Example of transcoding or offline encode/decode

// App-specific sources and sinks of media
const input = ...;  // Reads container from source (like a file)
const output = ...;  // Writes container to source (like a file)
// App-specific containerization code (not provided by browser)
const demuxer = ...;  // Reads container into frames
const muxer = ...;  // Writes frames into container


const audioDecoder = new AudioDecoder({codec: "aac"});
const audioEncoder = new AudioEncoder({
  codec: "opus", 
  bitsPerSecond: 60000
});
demuxer.audio
  .pipeThrough(audioDecoder)
  .pipeThrough(audioEncoder)
  .pipeTo(muxer.audio);

const videoDecoder = new VideoDecoder({codec: "h264"});
const videoEncoder = new VideoEncoder({
  codec: "vp8", bitsPerSecond: 1000000
});
demuxer.video
  .pipeThrough(videoDecoder)
  .pipeThrough(videoEncoder)
  .pipeTo(muxer.video);

input.readable.pipeInto(demuxer.writable);
muxer.readable.pipeInto(output.writable);

Alternative designs considered

Media Source Extensions (MSE) is already used widely for low-latency streaming.
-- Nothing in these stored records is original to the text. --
Lemma yrel_eq0 (R : comRingType) (l0 l1 l2 l3 x2 y1 y2 y3 : R) :
  (l2 - l0) * x2 + (l1 - l0) * y1 + (l2 - l0) * y2 = 0 ->
  (l2 - l1) * x2 + (l3 - l1) * y3 = 0 -> yrel l0 l1 l2 l3 y1 y2 y3 = 0.
Proof.
move=> B A; have -> : yrel l0 l1 l2 l3 y1 y2 y3 =
    (l2 - l1) * ((l2 - l0) * x2 + (l1 - l0) * y1 + (l2 - l0) * y2)
    - (l2 - l0) * ((l2 - l1) * x2 + (l3 - l1) * y3) by rewrite /yrel; ring.
by rewrite B A !mulr0 subrr.
Qed.

Lemma yrel_cramer (R : comRingType) (l0 l1 l2 l3 y0 y1 y2 y3 : R) :
  yrel l0 l1 l2 l3 y1 y2 y3 = 0 -> yrel l1 l2 l3 l0 y2 y3 y0 = 0 ->
  yrel l2 l3 l0 l1 y3 y0 y1 = 0 -> yrel l3 l0 l1 l2 y0 y1 y2 = 0 ->
  yrel_det ((l0 - l1) * (l2 - l3)) ((l0 - l2) * (l1 - l3)) * y0 = 0.
Proof.
move=> E0 E1 E2 E3; have := zero_diag4_cramer E0 E1 E2 E3.
set D := (X in X * y0 = 0 -> _).
have -> : D = - yrel_det ((l0 - l1) * (l2 - l3)) ((l0 - l2) * (l1 - l3)).
  by rewrite /D /yrel_det; ring.
by rewrite mulNr => /eqP; rewrite oppr_eq0 => /eqP.
Qed.

Definition row4 (R : nzRingType) (a b c d : R) : 'rV[R]_4 :=
  \row_(i < 4) [:: a; b; c; d]`_i.

Lemma row4_inj (R : nzRingType) (a b c d a' b' c' d' : R) :
  row4 a b c d = row4 a' b' c' d' -> [/\ a = a', b = b', c = c' & d = d'].
Proof.
move=> eq_row; have coord (i : 'I_4) := congr1 (fun v : 'rV_4 => v 0 i) eq_row.
by have := coord 0; have := coord 1; have := coord 2%:R; have := coord 3%:R; rewrite !mxE.
Qed.

Lemma row4D (R : nzRingType) (a b c d a' b' c' d' : R) :
  row4 a b c d + row4 a' b' c' d' = row4 (a + a') (b + b') (c + c') (d + d').
Proof. by apply/rowP => -[[|[|[|[|i]]]] ?]; rewrite !mxE. Qed.

Lemma row4Z (R : nzRingType) (mu a b c d : R) :
  mu *: row4 a b c d = row4 (mu * a) (mu * b) (mu * c) (mu * d).
Proof. by apply/rowP => -[[|[|[|[|i]]]] ?]; rewrite !mxE. Qed.

Lemma row4_0 (R : nzRingType) : row4 0 0 0 0 = 0 :> 'rV[R]_4.
Proof. by apply/rowP => -[[|[|[|[|i]]]] ?]; rewrite !mxE. Qed.

Lemma mem_Fq (F : finFieldType) (q : nat) (a : F) : (a \in Fq F q) = (a ^+ q == a).
Proof. by []. Qed.

Lemma Fq_div (F : finFieldType) (q : nat) (a b : F) :
  a \in Fq F q -> b \in Fq F q -> a / b \in Fq F q.
Proof. by rewrite !mem_Fq => /eqP aq /eqP bq; rewrite exprMn exprVn aq bq. Qed.

Lemma Fspan_scale (F : finFieldType) (k : nat) (w : 'rV[F]_k) (l : F) :
  l *: w \in Fspan F k w.
Proof. by apply/existsP; exists l. Qed.

Lemma Fspan_self (F : finFieldType) (k : nat) (w : 'rV[F]_k) : w \in Fspan F k w.
Proof. by rewrite -{1}[w]scale1r Fspan_scale. Qed.

Lemma scatteredP (F : finFieldType) (q k : nat) (U : pred 'rV[F]_k) :
  scattered F q k U <->
  forall (v : 'rV[F]_k) (mu : F), v \in U -> v != 0 -> mu *: v \in U -> mu \in Fq F q.
Proof.
split=> [scatU v mu vU v0 muvU | FqU w w0].
  have vS : v \in [predI U & Fspan F k v] by rewrite inE /= vU Fspan_self.
  have muvS : mu *: v \in [predI U & Fspan F k v] by rewrite inE /= muvU Fspan_scale.
  have [[|[|//]] _ [e [_ _ e_span]]] := scatU v v0.
    by have [c _ v_e] := e_span v vS; rewrite v_e big_ord0 eqxx in v0.
  have [c0 c0Fq] := e_span v vS; have [c1 c1Fq] := e_span _ muvS.
  rewrite !big_ord1 => mu_e v_e; move: mu_e; rewrite v_e scalerA => /eqP.
  rewrite -subr_eq0 -scalerBl scaler_eq0 subr_eq0 => /orP[/eqP mu_c | e0]; last first.
    by rewrite v_e (eqP e0) scaler0 eqxx in v0.
  have c0_neq0 : c0 0 != 0 by apply: contraNneq v0 => c0_0; rewrite v_e c0_0 scale0r.
  by rewrite -(mulfK c0_neq0 mu) mu_c Fq_div.
case: (pickP [pred v | (v \in [predI U & Fspan F k w]) && (v != 0)]) => [v | noS].
  rewrite /= !inE => /andP[/andP[vU /existsP[lv /eqP v_w]] v0].
  exists 1%N => //; exists (fun=> v); split.
  - by move=> _; rewrite inE /= vU v_w Fspan_scale.
  - move=> c _; rewrite big_ord1 => /eqP; rewrite scaler_eq0 (negbTE v0) orbF.
    by move=> /eqP c0 i; rewrite (ord1 i).
  move=> u; rewrite inE => /andP[uU /existsP[lu /eqP u_w]].
  have lv0 : lv != 0 by apply: contraNneq v0 => lv0; rewrite v_w lv0 scale0r.
  have u_v : u = (lu / lv) *: v by rewrite v_w scalerA divfK.
  by exists (fun=> lu / lv); rewrite ?big_ord1 // => _; apply: FqU v0 _; rewrite -?u_v.
exists 0%N => //; exists (fun=> 0); split; [by case | by move=> ? ? ? [] |].
move=> u uS; exists (fun=> 0); first by case.
by rewrite big_ord0; apply/eqP; have := noS u; rewrite /= uS => /negbFE.
Qed.

Section BasisOverSubfield.
Variables (F : finFieldType) (K : divringClosed F).

Definition free_over (k : nat) (e : 'I_k -> F) : Prop :=
  forall c : 'I_k -> F, (forall i, c i \in K) -> \sum_(i < k) c i * e i = 0 ->
  forall i, c i = 0.

Definition span_over (k : nat) (e : 'I_k -> F) : {set F} :=
  [set \sum_(i < k) c i * e i | c : {ffun 'I_k -> F} in ffun_on K].

Lemma card_span_over k (e : 'I_k -> F) : free_over e -> #|span_over e| = (#|K| ^ k)%N.
Proof.
move=> e_free; rewrite card_in_imset ?card_ffun_on ?card_ord //.
move=> c c' /ffun_onP cK /ffun_onP c'K /eqP; rewrite -subr_eq0 -sumrB => /eqP csum.
apply/ffunP => i; apply/eqP; rewrite -subr_eq0; apply/eqP.
apply: (e_free (fun i => c i - c' i)) => [j | ]; first by rewrite rpredB ?cK ?c'K.
by under eq_bigr do rewrite mulrBl.
Qed.

Definition snoc_fam (k : nat) (e : 'I_k -> F) (z : F) (i : 'I_k.+1) : F :=
  if unlift ord_max i is Some j then e j else z.

Lemma sum_snoc_fam k (e : 'I_k -> F) z (c : 'I_k.+1 -> F) :
  \sum_(i < k.+1) c i * snoc_fam e z i
  = \sum_(j < k) c (lift ord_max j) * e j + c ord_max * z.
Proof.
rewrite big_ord_recr /snoc_fam unlift_none; congr (_ + _); apply: eq_bigr => j _.
have -> : widen_ord (leqnSn k) j = lift ord_max j.
  by apply: val_inj; rewrite [RHS]lift_max.
by rewrite liftK.
Qed.

Lemma free_over_snoc k (e : 'I_k -> F) z :
  free_over e -> z \notin span_over e -> free_over (snoc_fam e z).
Proof.
move=> e_free z_span c cK; rewrite sum_snoc_fam => csum.
have c_max : c ord_max = 0.
  apply: contraNeq z_span => c0; apply/imsetP.
  exists [ffun j => - c (lift ord_max j) / c ord_max].
    by apply/ffun_onP => j; rewrite ffunE rpred_div ?rpredN.
  apply: (mulfI c0); rewrite mulr_sumr.
  under eq_bigr do rewrite ffunE mulrA mulrCA divff // mulr1 mulNr.
  by apply/eqP; rewrite sumrN -addr_eq0 addrC csum.
rewrite c_max mul0r addr0 in csum.
have c_lift := e_free _ (fun j => cK _) csum.
by move=> i; case: (unliftP ord_max i) => [j ->|->].
Qed.

Lemma exists_basis_over m : #|F| = (#|K| ^ m)%N ->
  exists e : 'I_m -> F, free_over e /\
    forall z, exists2 c : 'I_m -> F, (forall i, c i \in K) & z = \sum_(i < m) c i * e i.
Proof.
move=> cardF.
have K_gt1 : (1 < #|K|)%N.
  by apply/card_gt1P; exists 0, 1; rewrite rpred0 rpred1 eq_sym oner_eq0.
have [e e_free] : exists e : 'I_m -> F, free_over e.
  suff: forall k, (k <= m)%N -> exists e : 'I_k -> F, free_over e by apply.
  elim=> [|k IHk] km; first by exists (fun=> 0) => c _ _ [].
  have [e e_free] := IHk (ltnW km).
  have /subsetPn[z _ z_span] : ~~ ([set: F] \subset span_over e).
    apply/negP => /subset_leq_card.
    by rewrite cardsT cardF card_span_over // leq_exp2l // leqNgt km.
  by exists (snoc_fam e z); apply: free_over_snoc.
exists e; split=> // z.
have : z \in span_over e.
  suff -> : span_over e = setT by rewrite inE.
  by apply/eqP; rewrite eqEcard subsetT cardsT cardF (card_span_over e_free) leqnn.
by case/imsetP => c /ffun_onP cK ->; exists c.
Qed.

End BasisOverSubfield.

Section FrobeniusOfFq4.
Variables (F : finFieldType) (h : nat).
Hypothesis cardF : #|F| = ((2 ^ h) ^ 4)%N.
Local Notation q := (2 ^ h)%N.

Lemma pchar2F : 2 \in [pchar F].
Proof. by apply: (@card_finPcharP _ 2 (h * 4)); rewrite // cardF expnM. Qed.

Lemma q_gt1 : (1 < q)%N.
Proof. by have := card_finNzRing_gt1 F; rewrite cardF -{1}(exp1n 4) ltn_exp2r. Qed.

Lemma q_mod5 : (h %% 4 = 2)%N -> (q %% 5 = 4)%N.
Proof.
move=> h4; rewrite (divn_eq h 4) h4 [(_ * 4)%N]mulnC expnD expnM.
by rewrite -modnMml -modnXm /= exp1n.
Qed.

Definition frob (x : F) : F := x ^+ q.

Lemma frob_is_nmod_morphism : nmod_morphism frob.
Proof.
split=> [|x y]; first by rewrite /frob expr0n expn_eq0.
by apply: exprDn_pchar; rewrite (eq_pnat _ (pcharf_eq pchar2F)) pnatX pnat_id.
Qed.

Lemma frob_is_monoid_morphism : monoid_morphism frob.
Proof. by split=> [|x y]; [exact: expr1n | exact: exprMn]. Qed.

HB.instance Definition _ := GRing.isNmodMorphism.Build F F frob frob_is_nmod_morphism.
HB.instance Definition _ :=
  GRing.isMonoidMorphism.Build F F frob frob_is_monoid_morphism.

Lemma frobK4 x : frob (frob (frob (frob x))) = x.
Proof.
by rewrite /frob -!exprM -[RHS](expf_card x) cardF !expnS expn0 muln1 !mulnA.
Qed.

Lemma frob_iterE x : [/\ frob (frob (frob x)) = x ^+ (q ^ 3),
  frob (frob x) = x ^+ (q ^ 2) & frob x = x ^+ q].
Proof. by rewrite /frob -!exprM !expnS expn0 muln1 mulnA. Qed.

Lemma mem_Fq_frob c : (c \in Fq F q) = (frob c == c).
Proof. by []. Qed.

Lemma Fq_divring_closed : GRing.divring_closed (Fq F q).
Proof.
split=> [|a b|]; last exact: Fq_div.
  by rewrite mem_Fq_frob rmorph1.
by rewrite !mem_Fq_frob => /eqP fa /eqP fb; rewrite rmorphB /= fa fb.
Qed.

HB.instance Definition _ := GRing.isDivringClosed.Build F (Fq F q) Fq_divring_closed.

Definition trace (x : F) : F := x + frob x + frob (frob x) + frob (frob (frob x)).

Lemma trace_add_frob x : trace (x + frob x) = 0.
Proof.
by rewrite -[RHS](addrr_pchar2 pchar2F (trace x)) /trace !rmorphD /= frobK4; ring.
Qed.

Lemma card_Fq_image_add_frob :
  #|Fq F q| = q /\ [set x + frob x | x in F] = [set x | trace x == 0].
Proof.
have q1 := q_gt1.
have Fq_le : (#|Fq F q| <= q)%N.
  have sizeP : size ('X^q - 'X : {poly F}) = q.+1.
    by rewrite size_polyXnD // size_polyN size_polyX.
  rewrite -ltnS -sizeP; apply: leq_ltn_trans (card_roots_lt_size _); last first.
    by rewrite -size_poly_eq0 sizeP.
  apply/subset_leq_card/subsetP => x.
  by rewrite mem_Fq_frob inE rootE !hornerE subr_eq0.
have ker_trace_le : (#|[set x | trace x == 0%R]| <= q ^ 3)%N.
  have sizeP : size ('X^(q ^ 3) + ('X^(q ^ 2) + ('X^q + 'X)) : {poly F}) = (q ^ 3).+1.
    by rewrite !size_polyXnD ?size_polyX //; rewrite !expnS expn0 muln1; nia.
  rewrite -ltnS -sizeP; apply: leq_ltn_trans (card_roots_lt_size _); last first.
    by rewrite -size_poly_eq0 sizeP.
  apply/subset_leq_card/subsetP => x.
  rewrite !inE rootE !hornerD !hornerXn hornerX /trace; have [-> -> ->] := frob_iterE x.
  by move=> /eqP tr0; apply/eqP; rewrite -[RHS]tr0; ring.
have im_sub : [set x + frob x | x in F] \subset [set x | trace x == 0].
  by apply/subsetP => _ /imsetP[x _ ->]; rewrite inE trace_add_frob.
have im_le := leq_trans (subset_leq_card im_sub) ker_trace_le.
have := card_ker_mul_card_im (idfun \+ frob).
rewrite cardF (eq_card (B := Fq F q)) => [card_eq | x]; last first.
  by rewrite inE /= addr_eq0 (oppr_pchar2 pchar2F) eq_sym.
have [-> im_eq] : #|Fq F q| = q /\ #|[set x + frob x | x in F]| = (q ^ 3)%N.
  move: card_eq Fq_le im_le; rewrite !expnS expn0 !muln1.
  by set a := #|Fq F q|; set b := #|_|; nia.
by split=> //; apply/eqP; rewrite eqEcard im_sub im_eq.
Qed.

Lemma card_Fq : #|Fq F q| = q.
Proof. by case: card_Fq_image_add_frob. Qed.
However, there are some problems:

  • The way to trigger "low-latency mode" is implicit, not standardized, and not supported by all major browsers
  • Applications must work around the default "stop on underrun" behavior of MSE.
  • Applications must containerize input before adding it to the buffer
  • Applications that do not want history for seeking (cloud gaming) must work to remove/disable it.
  • Applications do not have easy access to the decoded output (for uses other than rendering, such a transcoding).

All of these things could be fixed by adding expanding the MSE API to explicitly support low-latency controls.

But the would only solve decode side of the equation, not the encode side.